Definition transition_probs (N : nat) (p : nat -> nat -> bool -> R) : Prop :=
  (forall i j k, (i < N)%nat -> (j < N)%nat -> i <> j ->
     0 < p i j k < 1) /\
  (forall i, (i < N)%nat ->
     fsum N (fun j => if Nat.eqb j i then 0 else p i j true + p i j false) = 1).

(* From an arrow w with source s, the walk still has to travel the reduced word
   w^{-1} A_{s,j}^{(k)}; let V(w) be the product of the q's over its letters.  A step of
   the walk left-multiplies that word by one generator, so the fixed-point equation
   makes V lam-harmonic off the target, while V = 1 on the target.  Hence
   sum_{t <= n} P(T = t) lam^t + E[lam^n V(W_n); T > n] = V(e_s) = q_{s,j}^{(k)}.
   The remainder vanishes: the product U of the (1 + q)/2 satisfies lam P U + c V <= U
   for some c > 0 (this is where q < 1 and the positivity of p enter), which gives
   c n E[lam^n V(W_n); T > n] <= U(e_s). *)

From Stdlib Require Import Reals List Arith Bool Lra Lia.
From Coquelicot Require Import Coquelicot.
Import ListNotations.
Open Scope R_scope.

Lemma fold_right_Rplus_init (l : list R) (x : R) :
  fold_right Rplus x l = fold_right Rplus 0 l + x.
Proof. induction l as [|y l IH]; simpl; [lra | rewrite IH; lra]. Qed.

Lemma fsum_S n f : fsum (S n) f = fsum n f + f n.
Proof.
  unfold fsum. rewrite seq_S, map_app, fold_right_app. simpl.
  rewrite fold_right_Rplus_init. lra.
Qed.

Lemma fsum_ext n f g : (forall m, (m < n)%nat -> f m = g m) -> fsum n f = fsum n g.
Proof. induction n; intros H; [reflexivity|]. rewrite !fsum_S, IHn, H; auto. Qed.

Lemma fsum_le n f g : (forall m, (m < n)%nat -> f m <= g m) -> fsum n f <= fsum n g.
Proof.
  induction n; intros H; [unfold fsum; simpl; lra|]. rewrite !fsum_S.
  assert (fsum n f <= fsum n g) by (apply IHn; auto). specialize (H n (Nat.lt_succ_diag_r n)). lra.
Qed.

Lemma fsum_plus n f g : fsum n (fun m => f m + g m) = fsum n f + fsum n g.
Proof. induction n; [unfold fsum; simpl; lra|]. rewrite !fsum_S, IHn. lra. Qed.

Lemma fsum_scal n c f : fsum n (fun m => c * f m) = c * fsum n f.
Proof. induction n; [unfold fsum; simpl; lra|]. rewrite !fsum_S, IHn. lra. Qed.

Lemma fsum_extract n a g : (a < n)%nat ->
  fsum n g = g a + fsum n (fun m => if Nat.eqb m a then 0 else g m).
Proof.
  induction n; intros H; [lia|]. rewrite !fsum_S.
  destruct (Nat.eq_dec a n) as [->|Han].
  - rewrite Nat.eqb_refl, (fsum_ext n (fun m => if Nat.eqb m n then 0 else g m) g); [lra|].
    intros m Hm. destruct (Nat.eqb_spec m n); [lia | auto].
  - rewrite IHn by lia. destruct (Nat.eqb_spec n a); [lia | lra].
Qed.

Lemma fsum_nonneg n f : (forall m, (m < n)%nat -> 0 <= f m) -> 0 <= fsum n f.
Proof.
  induction n; intros H; [unfold fsum; simpl; lra|]. rewrite fsum_S.
  assert (0 <= fsum n f) by (apply IHn; auto). specialize (H n (Nat.lt_succ_diag_r n)). lra.
Qed.

Lemma fsum_pos n f a : (forall m, (m < n)%nat -> 0 <= f m) -> (a < n)%nat -> 0 < f a ->
  0 < fsum n f.
Proof.
  intros H Ha Hfa. rewrite (fsum_extract n a) by auto.
  assert (0 <= fsum n (fun m => if Nat.eqb m a then 0 else f m)); [|lra].
  apply fsum_nonneg. intros m Hm. destruct (Nat.eqb m a); [lra | auto].
Qed.

Lemma fsum_masked_lincomb n (b : nat -> bool) (c g : nat -> R) u v :
  fsum n (fun m => if b m then 0 else u * c m + v * (c m * g m)) =
  u * fsum n (fun m => if b m then 0 else c m)
  + v * fsum n (fun m => if b m then 0 else c m * g m).
Proof. rewrite <- !fsum_scal, <- fsum_plus. apply fsum_ext. intros m _. destruct (b m); ring. Qed.

Lemma list_min_pos (A : Type) (l : list A) (g : A -> R) :
  (forall x, In x l -> 0 < g x) -> exists c, 0 < c /\ forall x, In x l -> c <= g x.
Proof.
  induction l as [|x l IH]; intros H.
  - exists 1. split; [lra | intros x []].
  - destruct IH as (c & Hc & Hc'); [intros y Hy; apply H; right; auto|].
    exists (Rmin (g x) c). split.
    + apply Rmin_pos; auto. apply H; left; auto.
    + intros y [<- | Hy]; [apply Rmin_l|]. eapply Rle_trans; [apply Rmin_r | auto].
Qed.

Section FirstPassageSeries.

Variables (X : Type) (ok : X -> Prop) (P : (X -> R) -> X -> R).
Hypothesis P_ext : forall h1 h2 x, ok x -> (forall y, ok y -> h1 y = h2 y) -> P h1 x = P h2 x.
Hypothesis P_mono :
  forall h1 h2 x, ok x -> (forall y, ok y -> h1 y <= h2 y) -> P h1 x <= P h2 x.
Hypothesis P_plus : forall h1 h2 x, P (fun y => h1 y + h2 y) x = P h1 x + P h2 x.
Hypothesis P_scal : forall a h x, P (fun y => a * h y) x = a * P h x.

Variables (target : X -> bool) (hit : nat -> X -> R).
Hypothesis hit_0 : forall x, hit 0%nat x = if target x then 1 else 0.
Hypothesis hit_S : forall n x, hit (S n) x = if target x then 0 else P (hit n) x.

Variables (lam c : R) (V U : X -> R).
Hypothesis lam_ge0 : 0 <= lam.
Hypothesis c_gt0 : 0 < c.
Hypothesis V_ge0 : forall x, ok x -> 0 <= V x.
Hypothesis U_ge0 : forall x, ok x -> 0 <= U x.
Hypothesis V_target : forall x, ok x -> target x = true -> V x = 1.
Hypothesis V_harmonic : forall x, ok x -> target x = false -> lam * P V x = V x.
Hypothesis U_superharmonic :
  forall x, ok x -> target x = false -> lam * P U x + c * V x <= U x.

Lemma P_zero x : ok x -> P (fun _ => 0) x = 0.
Proof.
  intros Hx. rewrite (P_ext _ (fun y => 0 * 0) x Hx) by (intros; ring).
  rewrite P_scal. ring.
Qed.

Lemma P_sum (h : nat -> X -> R) n x :
  P (fun y => sum_f_R0 (fun t => h t y) n) x = sum_f_R0 (fun t => P (h t) x) n.
Proof. induction n as [|n IH]; simpl; [reflexivity|]. rewrite P_plus, IH. reflexivity. Qed.

(* [remainder n x] is E_x[lam^n V(W_n); T > n], T the hitting time of the target. *)
Fixpoint remainder (n : nat) (x : X) : R :=
  if target x then 0 else
  match n with
  | O => V x
  | S n' => lam * P (remainder n') x
  end.

Lemma remainder_ge0 n x : ok x -> 0 <= remainder n x.
Proof.
  revert x; induction n as [|n IH]; intros x Hx; simpl; destruct (target x); try lra.
  - auto.
  - apply Rmult_le_pos; [lra|]. rewrite <- (P_zero x Hx). apply P_mono; auto.
Qed.

Lemma remainder_le_V n x : ok x -> remainder n x <= V x.
Proof.
  revert x; induction n as [|n IH]; intros x Hx; simpl; destruct (target x) eqn:Ht;
    try (apply V_ge0; auto); try lra.
  rewrite <- (V_harmonic x Hx Ht). apply Rmult_le_compat_l; [lra|]. apply P_mono; auto.
Qed.

(* With r_n = remainder n: c (n+1) r_{n+1} = c r_{n+1} + lam P (c n r_n) <= c V + lam P U <= U. *)
Lemma remainder_decay n x : ok x -> c * INR n * remainder n x <= U x.
Proof.
  revert x; induction n as [|n IH]; intros x Hx.
  - simpl. rewrite Rmult_0_r, Rmult_0_l. auto.
  - assert (Hrem := remainder_le_V (S n) x Hx). cbn [remainder] in *.
    destruct (target x) eqn:Ht; [rewrite Rmult_0_r; auto|].
    assert (HP : P (fun y => c * INR n * remainder n y) x <= P U x) by (apply P_mono; auto).
    rewrite P_scal in HP.
    assert (Hsup := U_superharmonic x Hx Ht).
    assert (c * (lam * P (remainder n) x) <= c * V x) by (apply Rmult_le_compat_l; lra).
    assert (lam * (c * INR n * P (remainder n) x) <= lam * P U x)
      by (apply Rmult_le_compat_l; lra).
    rewrite S_INR. nra.
Qed.

Lemma partial_sum_add_remainder n x : ok x ->
  sum_f_R0 (fun t => hit t x * lam ^ t) n + remainder n x = V x.
Proof.
  revert x; induction n as [|n IH]; intros x Hx.
  - simpl. rewrite hit_0. destruct (target x) eqn:Ht; [rewrite V_target by auto|]; ring.
  - rewrite decomp_sum by lia. simpl pred. rewrite hit_0.
    cbn [remainder]. destruct (target x) eqn:Ht.
    + rewrite (sum_eq _ (fun _ => 0)) by (intros t _; rewrite hit_S, Ht; ring).
      rewrite sum_cte, V_target by auto. ring.
    + rewrite (sum_eq _ (fun t => P (fun y => lam ^ t * hit t y) x * lam)).
      2:{ intros t _. rewrite hit_S, Ht, P_scal. simpl. ring. }
      rewrite <- scal_sum, <- (P_sum (fun t y => lam ^ t * hit t y)), <- (V_harmonic x Hx Ht).
      rewrite (P_ext V (fun y => sum_f_R0 (fun t => lam ^ t * hit t y) n + remainder n y) x Hx).
      * rewrite P_plus. ring.
      * intros y Hy. rewrite <- (IH y Hy). f_equal. apply sum_eq. intros; ring.
Qed.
+--
## WHAT TO WORK ON
This task calls for each line of the material that contains "Import".

## RESPONSE AREA
From Stdlib Require Import Reals List Arith Bool Lra Lia.
From Coquelicot Require Import Coquelicot.
Import ListNotations.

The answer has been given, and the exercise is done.